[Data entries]
------------------------------------------------------------------------

(* Let $M$ be a perfect matching in a graph $G$ and let $A \subseteq V(M)$ be a set containing at most one vertex from each edge of $M$. Suppose that $W$ is a shifted $M$-walk both of whose endpoints lie in $A$. Then $W$ contains a shifted $M$-walk $W'$ such that both endpoints of $W'$ lie in $A$ and no other vertices of $W'$ lie in $A$.
   Context: Given a perfect matching $M$ in a graph $G$, a shifted $M$-walk with endpoints $a = v_1$ and $b = v_{2\ell}$ is a walk $v_1 v_2 \dots v_{2\ell}$ in $G$ such that $v_{2i}v_{2i+1} \in M$ for every $1 \leq i \leq \ell - 1$ and $v_{2i-1}v_{2i} \notin M$ for every $1 \leq i \leq \ell$. *)

From mathcomp Require Import all_boot.
Set Implicit Arguments. Unset Strict Implicit. Unset Printing Implicit Defensive.

Definition simple_graph (T : finType) (e : rel T) : Prop :=
  symmetric e /\ irreflexive e.

Definition perfect_matching (T : finType) (e M : rel T) : Prop :=
  [/\ symmetric M, (forall u v, M u v -> e u v) & (forall v, exists! u, M v u)].

Definition at_most_one_per_edge (T : finType) (M : rel T) (A : {set T}) : Prop :=
  forall u v, M u v -> ~~ ((u \in A) && (v \in A)).

(* s = [:: v_1; ...; v_{2l}] (l >= 1) is a shifted M-walk in G: with 0-based
   index k, the step s_k s_{k+1} is an edge of G not in M when k is even
   (i.e. v_{2i-1} v_{2i}) and an edge of M when k is odd (i.e. v_{2i} v_{2i+1}). *)
Definition shifted_walk (T : finType) (e M : rel T) (s : seq T) : bool :=
  if s is x0 :: _ then
    ~~ odd (size s) &&
    all (fun k => if odd k then M (nth x0 s k) (nth x0 s k.+1)
                  else e (nth x0 s k) (nth x0 s k.+1) && ~~ M (nth x0 s k) (nth x0 s k.+1))
        (iota 0 (size s).-1)
  else false.

Definition endpoints_in (T : finType) (A : {set T}) (s : seq T) : Prop :=
  exists x0, [/\ s <> [::], head x0 s \in A & last x0 s \in A].

Definition interior_avoids (T : finType) (A : {set T}) (s : seq T) : Prop :=
  forall x0 k, 0 < k -> k < (size s).-1 -> nth x0 s k \notin A.

From mathcomp Require Import all_boot.
From mathcomp Require Import zify.

Set Implicit Arguments.
Unset Strict Implicit.
Unset Printing Implicit Defensive.

(* Proof idea: list the positions of W lying in A.  The first one (0) is even
   and the last one (|W| - 1) is odd, so two consecutive ones i < j have i even
   and j odd.  The segment of W from position i to position j then has even
   length and starts with a non-matching step, so it is again a shifted M-walk,
   with both ends and no interior vertex in A. *)

Lemma exists_consecutive_even_odd (P : pred nat) i j :
  ~~ odd i -> odd j -> i <= j -> P i -> P j ->
  exists i' j', [/\ i <= i' < j', j' <= j, ~~ odd i' && odd j', P i' && P j'
                  & forall k, i' < k < j' -> ~~ P k].
Proof.
have [n] := ubnP (j - i); elim: n i => // n IH i ltjin ei oj lij Pi Pj.
have ltij : i < j by rewrite ltn_neqAle lij andbT; apply: contraNneq ei => ->.
have exP : exists k, (i < k) && P k by exists j; rewrite ltij.
case: (ex_minnP exP) => m /andP[ltim Pm] minm.
have lemj : m <= j by apply: minm; rewrite ltij.
have noPbetween k : i < k < m -> ~~ P k.
  case/andP=> ltik ltkm; apply: contraTN ltkm => Pk.
  by rewrite -leqNgt; apply: minm; rewrite ltik.
case om: (odd m).
  by exists i, m; split=> //; rewrite ?leqnn ?ltim ?ei ?om ?Pi ?Pm.
have [i' [j' [/andP[lemi' ltij'] lej'j eo PP between]]] :=
  IH m ltac:(lia) (negbT om) oj lemj Pm Pj.
by exists i', j'; split=> //; rewrite ltij' andbT (ltnW (leq_trans ltim lemi')).
Qed.

Section ShiftedWalks.

Variables (T : finType) (e M : rel T).

Definition alt_step (x : T) (s : seq T) (k : nat) : bool :=
  if odd k then M (nth x s k) (nth x s k.+1)
  else e (nth x s k) (nth x s k.+1) && ~~ M (nth x s k) (nth x s k.+1).

Lemma alt_step_default x y s k : k.+1 < size s -> alt_step x s k = alt_step y s k.
Proof.
by move=> ltks; rewrite /alt_step !(set_nth_default y x) // ltnW.
Qed.

Lemma shifted_walkP x s :
  reflect [/\ 0 < size s, ~~ odd (size s)
              & forall k, k.+1 < size s -> alt_step x s k]
          (shifted_walk e M s).
Proof.
case: s => [|x0 s]; first by constructor; case.
apply: (iffP andP) => [[ev /allP steps] | [_ ev steps]].
  split=> // k ltks.
  by rewrite (alt_step_default x x0) //; apply: steps; rewrite mem_iota.
split=> //; apply/allP=> k; rewrite mem_iota /= => ltks.
by have := steps k ltks; rewrite (alt_step_default x x0).
Qed.

Definition slice (s : seq T) (i j : nat) : seq T := take (j - i).+1 (drop i s).

Lemma infix_slice s i j : infix (slice s i j) s.
Proof. exact: prefix_infix_trans (prefix_take _ _) (infix_drop _ _). Qed.

Lemma size_slice s i j : i <= j < size s -> size (slice s i j) = (j - i).+1.
Proof. by move=> ijs; rewrite size_take size_drop; case: ltnP; lia. Qed.

Lemma nth_slice x s i j k :
  i <= j < size s -> k <= j - i -> nth x (slice s i j) k = nth x s (i + k).
Proof. by move=> ijs lekji; rewrite nth_take ?nth_drop. Qed.

Lemma shifted_walk_slice s i j :
  shifted_walk e M s -> ~~ odd i -> odd j -> i < j < size s ->
  shifted_walk e M (slice s i j).
Proof.
move=> walks ei oj /andP[ltij ltjs].
have [x _] : exists x : T, true by case: s ltjs {walks} => // x; exists x.
have [_ _ steps] := elimT (shifted_walkP x s) walks.
have ijs : i <= j < size s by rewrite ltjs ltnW.
apply/(shifted_walkP x); rewrite size_slice //; split=> // [|k ltk].
  by rewrite /= oddB ?(ltnW ltij) // oj (negbTE ei).
have := steps (i + k) ltac:(lia).
by rewrite /alt_step oddD (negbTE ei) -addnS !nth_slice //; lia.
Qed.

End ShiftedWalks.

Theorem lemma5p2 (T : finType) (e M : rel T) (A : {set T}) (W : seq T) :
  simple_graph e ->
  perfect_matching e M ->
  at_most_one_per_edge M A ->
  shifted_walk e M W ->
  endpoints_in A W ->
  exists W' : seq T,
    [/\ infix W' W, shifted_walk e M W', endpoints_in A W' & interior_avoids A W'].
Proof.
move=> _ _ _ walkW [z [_ headA lastA]].
have [sizeW evW _] := elimT (shifted_walkP e M z W) walkW.
have oddj : odd (size W).-1 by case: (size W) sizeW evW => //= n _ /negPn.
pose P k := nth z W k \in A.
have [P0 Pj] : P 0 /\ P (size W).-1 by rewrite /P nth0 nth_last; split.
have [i [j [/andP[_ ltij] lej /andP[ei oj] /andP[Pi Pj'] between]]] :=
  exists_consecutive_even_odd (i := 0) isT oddj (leq0n _) P0 Pj.
have ijW : i <= j < size W by rewrite ltnW //= (leq_ltn_trans lej) // prednK.
have sizeW' := size_slice ijW.
exists (slice W i j); split.
- exact: infix_slice.
- by apply: shifted_walk_slice; rewrite // ltij (leq_ltn_trans lej) ?prednK.
- exists z; split; first by move=> W'0; move: sizeW'; rewrite W'0.
    by rewrite -nth0 nth_slice ?addn0.
  by rewrite -nth_last sizeW' nth_slice //= subnKC // ltnW.
- move=> x k k0; rewrite sizeW' /= => ltk.
  rewrite nth_slice ?(set_nth_default z) //; try lia.
  by apply: between; lia.
Qed.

------------------------------------------------------------------------

TASK PROMPT
The answer must be every line of the records above that holds the word "walkW".

RESPONSE
move=> _ _ _ walkW [z [_ headA lastA]].
have [sizeW evW _] := elimT (shifted_walkP e M z W) walkW.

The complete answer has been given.